Myself and 3 friends are travelling from San Diego to New York. We've got 10 days.
We're looking for a general price e.g. daily accomodation, food and gas.
Any help would be _really_ appreciated
OK, with my car's miles per gallon, your trip would cost me about $25 per day for gas. Campgrounds cost from about $8-30 dollars per night so let's assume they average $20 per night during your trip. So now we're looking at about $45 per day for gas and cheap lodging. The rest will vary depending on what you do and how you eat.
When I do a roadtrip, I typically have a cooler with things like bagels and fruit for breakfast, make sandwiches/fruit/granola bars, etc. for lunch, and either cook a simple dinner (like hamburgers) at the campsite or eat dinner out at an inexpensive diner. If you do this, meals are cheap.
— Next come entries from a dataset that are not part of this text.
(* Let $0<y\le1$. For all $z=u+iv$ with $v>0$ and $1-\sqrt y\le|u|\le1+\sqrt y$, $$|z+ys_y(z)|\ge\frac{1}{1+\sqrt y}.$$
   Context: $s_y(z)$ is the Stieltjes transform of the symmetrized Marchenko–Pastur law with parameter $y$, i.e. $s_y(z)=\frac{-(z+\frac{y-1}{z})+\sqrt{(z+\frac{y-1}{z})^2-4y}}{2y}$ with the branch of the square root chosen so that $\operatorname{Im}s_y(z)>0$; it is the solution with positive imaginary part of $ys^2+(z+\frac{y-1}{z})s+1=0$. *)

(* Complex numbers are modelled by an arbitrary
   numClosedFieldType C (e.g. the complex numbers); 'Re, 'Im, `|.|, sqrtC
   are the library notions. *)
From HB Require Import structures.
From mathcomp Require Import all_boot all_order all_algebra.
Set Implicit Arguments. Unset Strict Implicit. Unset Printing Implicit Defensive.
Import Order.TTheory GRing.Theory Num.Theory.
Local Open Scope ring_scope.

(* is_sy y z s : s = s_y(z), the Stieltjes transform of the symmetrized
   Marchenko-Pastur law: the solution with positive imaginary part of
   y s^2 + (z + (y-1)/z) s + 1 = 0. *)
Definition is_sy (C : numClosedFieldType) (y z s : C) : Prop :=
  0 < 'Im s /\ y * s ^+ 2 + (z + (y - 1) / z) * s + 1 = 0.

From HB Require Import structures.
From mathcomp Require Import all_boot all_order all_algebra.
From mathcomp Require Import ring lra.
Set Implicit Arguments. Unset Strict Implicit. Unset Printing Implicit Defensive.
Import Order.TTheory GRing.Theory Num.Theory.
Local Open Scope ring_scope.

(* Put w = z + y s and r = sqrt y. The quadratic equation for s turns into
   w + 1/w = z + (1 - y)/z, and Im w > Im z > 0. Its imaginary and real parts
   express Im w and Re w through z and K = |w|^2, and eliminating them leaves
   one equation in K, m = |z|^2 and (Re z)^2. If K (1 + r)^2 < 1, the imaginary
   part forces m < (1 - y) K; the equation then yields an inequality that
   survives lowering (Re z)^2 to (1 - r)^2 and raising K to (1 + r)^-2, where
   it becomes a polynomial inequality in r and m that fails on the whole
   admissible range of m. *)

(* C is only partially ordered; the real inequalities are proved in the real
   field formed by its real elements. *)
Section RealSubfield.
Variable C : numClosedFieldType.

Definition realC := {x : C | x \is Num.real}.
HB.instance Definition _ := [isSub for (@sval C _ : realC -> C)].
HB.instance Definition _ := [Choice of realC by <:].
HB.instance Definition _ := [SubChoice_isSubIntegralDomain of realC by <:].
HB.instance Definition _ := [SubIntegralDomain_isSubField of realC by <:].

Let le (x y : realC) := val x <= val y.
Let lt (x y : realC) := val x < val y.
Let norm (x : realC) : realC := Sub `|val x| (normr_real (val x)).

Let le0_add x y : le 0 x -> le 0 y -> le 0 (x + y). Proof. exact: addr_ge0. Qed.
Let le0_mul x y : le 0 x -> le 0 y -> le 0 (x * y). Proof. exact: mulr_ge0. Qed.
Let le0_anti x : le 0 x -> le x 0 -> x = 0.
Proof. by move=> x_ge0 x_le0; apply: val_inj; apply/eqP; rewrite eq_le; apply/andP. Qed.
Let sub_ge0 x y : le 0 (y - x) = le x y. Proof. exact: subr_ge0. Qed.
Let le0_total x : le 0 x || le x 0. Proof. by have := valP x; rewrite realE. Qed.
Let normN x : norm (- x) = norm x. Proof. by apply: val_inj; rewrite /= normrN. Qed.
Let ge0_norm x : le 0 x -> norm x = x. Proof. by move=> x_ge0; apply: val_inj; rewrite /= ger0_norm. Qed.
Let lt_def x y : lt x y = (y != x) && le x y. Proof. exact: lt_def. Qed.

HB.instance Definition _ := Num.IntegralDomain_isLeReal.Build realC
  le0_add le0_mul le0_anti sub_ge0 le0_total normN ge0_norm lt_def.

End RealSubfield.

(* For m = (1 - s) (1 - s + d), this cubic in d times (1 - s)^2 is
   - (1 + s)^8 * modulus_defect s (1 + s)^-2 m; the range of d corresponds to
   (1 - s)^2 <= m <= (1 - s^2) / (1 + s)^2. *)
Lemma threshold_cubic_gt0 (R : realFieldType) (s d : R) :
  0 < s < 1 -> 0 <= d -> d * (1 + s) <= s ^+ 2 ->
  0 < s ^+ 4 * (1 - s) ^+ 2 * (16 + 32 * s + 24 * s ^+ 2 + 8 * s ^+ 3 + s ^+ 4)
    + d * (s ^+ 4 * (1 - s) * (20 + 28 * s + 8 * s ^+ 2 - 4 * s ^+ 3 - 2 * s ^+ 4))
    + d ^+ 2 * (s * (16 + 60 * s + 92 * s ^+ 2 + 75 * s ^+ 3 + 20 * s ^+ 4
                     - 18 * s ^+ 5 - 16 * s ^+ 6 - 4 * s ^+ 7)
                - d * ((1 - s) * (4 + 16 * s + 28 * s ^+ 2 + 28 * s ^+ 3
                                  + 17 * s ^+ 4 + 6 * s ^+ 5 + s ^+ 6))).
Proof.
move=> /andP[s_gt0 s_lt1] d_ge0 d_le.
have pow_le n m : (n <= m)%N -> s ^+ m <= s ^+ n by apply: ler_wiXn2l; lra.
have pow_ge0 n : 0 <= s ^+ n by apply: exprn_ge0; lra.
have pow_gt0 n : 0 < s ^+ n by apply: exprn_gt0.
have s43 : s ^+ 4 <= s ^+ 3 := pow_le 3 4 isT.
have s3 : s ^+ 3 <= 1 := pow_le 0 3 isT.
have s4 : s ^+ 4 <= 1 := pow_le 0 4 isT.
have s64 : s ^+ 6 <= s ^+ 4 := pow_le 4 6 isT.
have s74 : s ^+ 7 <= s ^+ 4 := pow_le 4 7 isT.
have s84 : s ^+ 8 <= s ^+ 4 := pow_le 4 8 isT.
have s2_ge0 : 0 <= s ^+ 2 := pow_ge0 2.
have s3_ge0 : 0 <= s ^+ 3 := pow_ge0 3.
have s5_ge0 : 0 <= s ^+ 5 := pow_ge0 5.
have s6_ge0 : 0 <= s ^+ 6 := pow_ge0 6.
have s4_gt0 : 0 < s ^+ 4 := pow_gt0 4.
set P2 := s * _; set P3 := (1 - s) * _.
have cubic_ge0 : 0 <= P2 - d * P3.
  have hsum : 0 <= (1 + s) * P2 - s ^+ 2 * P3.
    have -> : (1 + s) * P2 - s ^+ 2 * P3 = s * (16 + 72 * s + 140 * s ^+ 2 + 155 * s ^+ 3
       + 95 * s ^+ 4 + 13 * s ^+ 5 - 23 * s ^+ 6 - 15 * s ^+ 7 - 3 * s ^+ 8) by rewrite /P2 /P3; ring.
    apply: mulr_ge0; lra.
  have P3_ge0 : 0 <= P3 by apply: mulr_ge0; lra.
  have : d * (1 + s) * P3 <= s ^+ 2 * P3 by apply: ler_wpM2r.
  clearbody P2 P3 => dP3_le.
  have : 0 <= (1 + s) * (P2 - d * P3) by lra.
  by rewrite pmulr_rge0 //; lra.
have lead_gt0 : 0 < s ^+ 4 * (1 - s) ^+ 2 * (16 + 32 * s + 24 * s ^+ 2 + 8 * s ^+ 3 + s ^+ 4).
  by apply: mulr_gt0; [apply: mulr_gt0; [|apply: exprn_gt0]|]; lra.
have lin_ge0 : 0 <= d * (s ^+ 4 * (1 - s) * (20 + 28 * s + 8 * s ^+ 2 - 4 * s ^+ 3 - 2 * s ^+ 4)).
  by apply: mulr_ge0 => //; apply: mulr_ge0; [apply: mulr_ge0|]; lra.
have : 0 <= d ^+ 2 * (P2 - d * P3) by apply: mulr_ge0; [apply: sqr_ge0|].
lra.
Qed.

Section ModulusDefect.
Variables (R : realFieldType) (s : R).

Local Notation c := (1 - s ^+ 2).
Local Notation e := ((1 - s) ^+ 2).
Local Notation q := ((1 + s) ^+ 2).

(* For K = |w|^2, m = |z|^2 and s = sqrt y: the relation left by eliminating
   Re w and Im w, with (Re z)^2 lowered to its least admissible value e. *)
Definition modulus_defect (K m : R) : R :=
  K * (1 + K) ^+ 2 * ((c - m) ^+ 2 * (m - e)) + K * (1 - K) ^+ 2 * (e * (m + c) ^+ 2)
  - m ^+ 2 * (1 - K) ^+ 2 * (1 + K) ^+ 2.

Lemma modulus_defect_ge0 (K m u : R) :
  0 < K < 1 -> 0 < m < c * K -> e <= u ^+ 2 <= m ->
  m ^+ 2 * (1 - K) ^+ 2 * (1 + K) ^+ 2
    = K * ((1 + K) ^+ 2 * (m - u ^+ 2) * (c - m) ^+ 2 + (1 - K) ^+ 2 * u ^+ 2 * (m + c) ^+ 2) ->
  0 <= modulus_defect K m.
Proof.
move=> /andP[K_gt0 K_lt1] /andP[m_gt0 m_lt] /andP[e_le u2_le] modulusE.
pose D := (1 - K) ^+ 2 * (m + c) ^+ 2 - (1 + K) ^+ 2 * (c - m) ^+ 2.
have D_le0 : D <= 0.
  have -> : D = 4 * ((m - K * c) * (c - K * m)) by rewrite /D; ring.
  rewrite pmulr_rle0 //; apply: mulr_le0_ge0; first lra.
  have : 0 < (1 - K) * m by apply: mulr_gt0; lra.
  nra.
have -> : modulus_defect K m = K * ((e - u ^+ 2) * D) by rewrite /modulus_defect modulusE /D; ring.
by apply: mulr_ge0; [lra | apply: mulr_le0; lra].
Qed.

Lemma modulus_defect_ge0_mono (K K' m : R) :
  e <= m -> 0 < K <= K' -> K' < 1 ->
  0 <= modulus_defect K m -> 0 <= modulus_defect K' m.
Proof.
move=> e_le /andP[K_gt0 K_le] K'_lt1.
pose A : R := (c - m) ^+ 2 * (m - e); pose B : R := e * (m + c) ^+ 2.
pose g (k : R) : R := k / (1 - k) ^+ 2 * A + k / (1 + k) ^+ 2 * B - m ^+ 2.
have defectE (k : R) : 0 < k < 1 -> modulus_defect k m = ((1 - k) * (1 + k)) ^+ 2 * g k.
  by move=> /andP[k_gt0 k_lt1]; rewrite /modulus_defect /g /A /B; field; lra.
have w_gt0 (k : R) : 0 < k < 1 -> 0 < ((1 - k) * (1 + k)) ^+ 2.
  by move=> /andP[k_gt0 k_lt1]; apply: exprn_gt0; apply: mulr_gt0; lra.
have K_lt1 : K < 1 by lra.
have hK : 0 < K < 1 by apply/andP.
have hK' : 0 < K' < 1 by apply/andP; split; lra.
have A_ge0 : 0 <= A by apply: mulr_ge0; [apply: sqr_ge0 | lra].
have B_ge0 : 0 <= B by apply: mulr_ge0; apply: sqr_ge0.
have ratioM_le : K / (1 - K) ^+ 2 <= K' / (1 - K') ^+ 2.
  rewrite -subr_ge0.
  have -> : K' / (1 - K') ^+ 2 - K / (1 - K) ^+ 2
      = (K' - K) * (1 - K * K') / ((1 - K) ^+ 2 * (1 - K') ^+ 2) by field; lra.
  by apply: divr_ge0; [apply: mulr_ge0; nra | apply: mulr_ge0; apply: sqr_ge0].
have ratioP_le : K / (1 + K) ^+ 2 <= K' / (1 + K') ^+ 2.
  rewrite -subr_ge0.
  have -> : K' / (1 + K') ^+ 2 - K / (1 + K) ^+ 2
      = (K' - K) * (1 - K * K') / ((1 + K) ^+ 2 * (1 + K') ^+ 2) by field; lra.
  by apply: divr_ge0; [apply: mulr_ge0; nra | apply: mulr_ge0; apply: sqr_ge0].
rewrite (defectE _ hK) (defectE _ hK') !pmulr_rge0 ?w_gt0 // /g.
have := ler_wpM2r A_ge0 ratioM_le; have := ler_wpM2r B_ge0 ratioP_le.
lra.
Qed.

Lemma modulus_defect_threshold_lt0 (m : R) :
  0 < s < 1 -> e <= m -> m * q <= c -> modulus_defect q^-1 m < 0.
Proof.
move=> s_bounds e_le mq_le; have /andP[s_gt0 s_lt1] := s_bounds.
have s'_gt0 : 0 < 1 - s by lra.
pose d := m / (1 - s) - (1 - s).
have mE : m = (1 - s) * (1 - s + d) by rewrite /d; field; lra.
have d_ge0 : 0 <= d.
  by move: e_le; rewrite mE expr2 ler_pM2l //; lra.
have d_le : d * (1 + s) <= s ^+ 2.
  have : (1 + s) * (1 - s) * ((1 - s + d) * (1 + s) - 1) <= 0.
    by move: mq_le; rewrite mE; lra.
  by rewrite pmulr_rle0; [lra | apply: mulr_gt0; lra].
have := threshold_cubic_gt0 s_bounds d_ge0 d_le.
set cubic := (X in 0 < X) => cubic_gt0.
have q_gt0 : 0 < q by apply: exprn_gt0; lra.
have defectE : q ^+ 4 * modulus_defect q^-1 m = - ((1 - s) ^+ 2 * cubic).
  by rewrite /modulus_defect /cubic mE; field; lra.
have : q ^+ 4 * modulus_defect q^-1 m < 0.
  by rewrite defectE oppr_lt0; apply: mulr_gt0 => //; apply: exprn_gt0.
by rewrite pmulr_rlt0 // exprn_gt0.
Qed.

End ModulusDefect.

Lemma modulus_ge_threshold (R : realFieldType) (s u v a b : R) :
  0 < s -> 1 - s <= `|u| -> 0 < v < a ->
  a * (1 - 1 / (b ^+ 2 + a ^+ 2)) = v * (1 - (1 - s ^+ 2) / (u ^+ 2 + v ^+ 2)) ->
  b * (1 + 1 / (b ^+ 2 + a ^+ 2)) = u * (1 + (1 - s ^+ 2) / (u ^+ 2 + v ^+ 2)) ->
  1 <= (b ^+ 2 + a ^+ 2) * (1 + s) ^+ 2.
Proof.
move=> s_gt0 u_ge /andP[v_gt0 v_lt_a] ImE ReE.
set K := b ^+ 2 + a ^+ 2 in ImE ReE *; set m := u ^+ 2 + v ^+ 2 in ImE ReE.
set c := 1 - s ^+ 2 in ImE ReE; set q := (1 + s) ^+ 2.
rewrite leNgt; apply/negP => Kq_lt1.
have K_gt0 : 0 < K by rewrite /K; have := sqr_ge0 b; nra.
have q_gt1 : 1 < q by rewrite /q; nra.
have K_lt1 : K < 1 by nra.
have m_gt0 : 0 < m by rewrite /m; have := sqr_ge0 u; nra.
have ImE' : a * (1 - K) * m = v * (c - m) * K.
  apply/eqP; rewrite -subr_eq0.
  have -> : a * (1 - K) * m - v * (c - m) * K
      = - (K * m) * (a * (1 - 1 / K) - v * (1 - c / m)).
    by field; rewrite !lt0r_neq0.
  by rewrite ImE subrr mulr0.
have ReE' : b * (1 + K) * m = u * (m + c) * K.
  apply/eqP; rewrite -subr_eq0.
  have -> : b * (1 + K) * m - u * (m + c) * K
      = K * m * (b * (1 + 1 / K) - u * (1 + c / m)).
    by field; rewrite !lt0r_neq0.
  by rewrite ReE subrr mulr0.
have m_lt : m < c * K.
  have : v * ((1 - K) * m) < a * ((1 - K) * m) by rewrite ltr_pM2r //; nra.
  rewrite !mulrA ImE' -!mulrA ltr_pM2l //; nra.
have c_gt0 : 0 < c by nra.
have s_lt1 : s < 1 by move: c_gt0; rewrite /c; nra.
have u2_ge : (1 - s) ^+ 2 <= u ^+ 2.
  by have := normr_ge0 u; rewrite -[u ^+ 2]real_normK ?num_real //; nra.
have modulusE : m ^+ 2 * (1 - K) ^+ 2 * (1 + K) ^+ 2
    = K * ((1 + K) ^+ 2 * (m - u ^+ 2) * (c - m) ^+ 2 + (1 - K) ^+ 2 * u ^+ 2 * (m + c) ^+ 2).
  apply: (mulfI (lt0r_neq0 K_gt0)).
  have -> : K * (m ^+ 2 * (1 - K) ^+ 2 * (1 + K) ^+ 2)
      = (1 + K) ^+ 2 * (a * (1 - K) * m) ^+ 2 + (1 - K) ^+ 2 * (b * (1 + K) * m) ^+ 2.
    by rewrite /K; ring.
  by rewrite ImE' ReE' /m; ring.
have defect_ge0 : 0 <= modulus_defect s K m.
  apply: (modulus_defect_ge0 _ _ _ modulusE); apply/andP; split => //; rewrite /m; nra.
have e_le_m : (1 - s) ^+ 2 <= m by rewrite /m; have := sqr_ge0 v; lra.
have mq_le : m * q <= c by nra.
have K_bounds : 0 < K <= q^-1 by apply/andP; split; rewrite // -div1r ler_pdivlMr; lra.
have qV_lt1 : q^-1 < 1 by rewrite invf_lt1 //; lra.
have s_bounds : 0 < s < 1 by apply/andP.
have := modulus_defect_threshold_lt0 s_bounds e_le_m mq_le.
by rewrite ltNge (modulus_defect_ge0_mono e_le_m K_bounds qV_lt1 defect_ge0).
Qed.

Lemma shifted_root_add_inv (F : fieldType) (y z s : F) :
  z != 0 -> z + y * s != 0 ->
  y * s ^+ 2 + (z + (y - 1) / z) * s + 1 = 0 ->
  (z + y * s) + 1 / (z + y * s) = z + (1 - y) / z.
Proof.
move=> z_neq0 w_neq0 quadE; apply/eqP; rewrite -subr_eq0.
have -> : z + y * s + 1 / (z + y * s) - (z + (1 - y) / z)
    = y / (z + y * s) * (y * s ^+ 2 + (z + (y - 1) / z) * s + 1).
  by field; rewrite z_neq0 w_neq0.
by rewrite quadE mulr0.
Qed.

Section RealDivParts.
Variables (C : numClosedFieldType) (c x : C).
Hypothesis c_real : c \is Num.real.

Let scale_real : c / `|x| ^+ 2 \is Num.real.
Proof. by rewrite rpredM ?realV ?rpredX ?normr_real. Qed.

Lemma Re_add_real_div : 'Re (x + c / x) = 'Re x * (1 + c / ('Re x ^+ 2 + 'Im x ^+ 2)).
Proof. by rewrite raddfD /= invC_norm mulrA (ReMl scale_real) Re_conj normC2_Re_Im; ring. Qed.

Lemma Im_add_real_div : 'Im (x + c / x) = 'Im x * (1 - c / ('Re x ^+ 2 + 'Im x ^+ 2)).
Proof. by rewrite raddfD /= invC_norm mulrA (ImMl scale_real) Im_conj normC2_Re_Im; ring. Qed.

End RealDivParts.

Theorem mainTheorem12 (C : numClosedFieldType) (y z s : C)
  (hy0 : 0 < y) (hy1 : y <= 1)
  (hv : 0 < 'Im z)
  (hu1 : 1 - sqrtC y <= `|'Re z|) (hu2 : `|'Re z| <= 1 + sqrtC y)
  (hs : is_sy y z s) :
  1 / (1 + sqrtC y) <= `|z + y * s|.
Proof.
case: hs => Im_s_gt0 quadE.
have r_gt0 : 0 < sqrtC y by rewrite sqrtC_gt0.
have yE : y = sqrtC y ^+ 2 by rewrite sqrtCK.
set w := z + y * s in quadE *.
have Im_lt : 'Im z < 'Im w by rewrite /w raddfD /= ImMl ?gtr0_real // ltrDl mulr_gt0.
have z_neq0 : z != 0 by apply: contraTneq hv => ->; rewrite raddf0 ltxx.
have w_neq0 : w != 0 by apply: contraTneq Im_lt => ->; rewrite raddf0 (lt_gtF hv).
have wE : w + 1 / w = z + (1 - y) / z := shifted_root_add_inv z_neq0 w_neq0 quadE.
have ImE := congr1 (@Im C) wE; have ReE := congr1 (@Re C) wE.
rewrite !Im_add_real_div ?real1 ?rpredB ?gtr0_real // yE in ImE.
rewrite !Re_add_real_div ?real1 ?rpredB ?gtr0_real // yE in ReE.
pose S : realC C := Sub (sqrtC y) (gtr0_real r_gt0).
pose U : realC C := Sub ('Re z) (Creal_Re z).
pose V : realC C := Sub ('Im z) (Creal_Im z).
pose B : realC C := Sub ('Re w) (Creal_Re w).
pose A : realC C := Sub ('Im w) (Creal_Im w).
pose N : realC C := Sub `|w| (normr_real w).
have NE : N ^+ 2 = B ^+ 2 + A ^+ 2 by apply: val_inj; exact: normC2_Re_Im.
have S_gt0 : 0 < S := r_gt0.
have hU : 1 - S <= `|U| := hu1.
have VA : 0 < V < A by apply/andP.
have : 1 <= (B ^+ 2 + A ^+ 2) * (1 + S) ^+ 2.
  by apply: (@modulus_ge_threshold _ S U V A B S_gt0 hU VA); apply: val_inj; [exact: ImE | exact: ReE].
rewrite -NE -exprMn => Nr_ge1.
suff : 1 / (1 + S) <= N by [].
rewrite ler_pdivrMr; last lra.
have : 0 <= N * (1 + S) by apply: mulr_ge0; [exact: normr_ge0 | lra].
nra.
Qed.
If you replenish at grocery stores instead of expensive mini-marts, your food costs will be similar to what you spend on groceries at home.
Hope this helps a bit.
Just arrived back in England UK after completing an 11,000 mile journey from Los Angeles, San Fransisco, Lake Tahoe, Yosemiti, Mono Lake, Bishop, Death Valley, Vegas, Grande Canyon then onto the southern states to Louisiana up the Great river to Chicago, around the Great Lakes to Niagara then into New York passing through Manhattan just 14 hours prior to the attack on the towers which cut short our journey.
We bought a car in LA rather than renting, in fact we found it difficult to rent a car when travelling interstate and getting insurance for interstate travel was a nightmare especially with having a foreign driving licence. We also purchased a tent and equipment before leaving LA. We found that the state campgrounds provided some of the best facilities especially in CA. Wherever we travel we have found that the best policy is to eat like the locals, it's the cheapest way. Go into the Supermarkets and look at what's in their carts then decide if you can stomach it, if you can, then go and buy.
Fuel is so cheap in the US, in Europe we pay almost five times your price of a gallon. When in the cities cheap accommodation can be found by purchasing a copy of 'The Hostel Hanbook' only $4 and well worth it. Another tip which is worth a mention is that when you cross states go to the 'Visitor Centre' and ask for a state map which is always hidden behind the counter, it is free but you need to ask for it. To keep in touch with the family we got onto the net at the local library, it's free but sometimes you will find yourself in a queue. Normally the queue is short since online time is limited to half an hour or one hour.
We enjoyed keeping off the interstate highways, they're a bore. Look for those little places off the main highway, they're much more interesting. I remember going into the library at Crystal City and the librarian there saying "what a cute little accent, where are you from and how did you find your way to Crystal City. No, it's not on the usual tourist map but it got us in touch with the 'real' america the largely unknown america to the average european.
The highlights of our trip were Las Vegas, so surreal. The Grande Canyon, one of the wonders of the world which actually lives up to that title. Death Valley at 127 degrees farenheight which beggars belief, we drove through the north road to Stovepipe Wells in July and I still wonder how those pioneers managed to survive in such conditions, the north road is rough and if you want to feel the real heat, turn off the AC in the car and drive slowly, it's awesome.
Niagara was a disappointment at first, we expected the falls to be high but it is the volume of water over the falls which makes it great. Take a trip on the 'Maid of the Mist' and you will feel the power of water.
good luck on your trip.
Actually, quite a few state visitor's centers have multiple state maps, many including places of interest. (Oregon's visitor's center on US 97 also has maps in Spanish and German. Grab one for your language class.) Some of them are oddly placed, though... you have to drive a quarter of the way through Colorado to find theirs heading south on I-95, and Nevada's VC off of I-80 requires quite a bit of sign-following off the interstate.
As you might guess, my family has done quite a bit of driving and loves to take advantage of free stuff.
Fantastic Information Herein!
Road Greetings Tony,
We really appreciate your input from your trip! Some really useful information for travelers.
State & Federal Campgrounds are cheaper than private campgrounds. Hostels are safe & cheap $8/ to $19/night & more comfortable w/kitchens etc. Buy more than just the "Hostelling International" handbook. Also buy the "Hostels USA" handbook. It is excellent. Check out a number of hostel sites on the internet. And when you get to a hostel, ask around--often you can learn about new hostels from fellow hostellers. If you prefer camping & don't mind "roughing it". Contact the Bureau of Land Management (BLM) and request a map of their land across the US. You can camp FOR FREE in BLM land. If you are desparate & it's late & you can't find a place to sleep, then check your road atlas to see which states will allow you to sleep in you vehicle in their rest areas. But it's best to plan ahead. Hope this helps!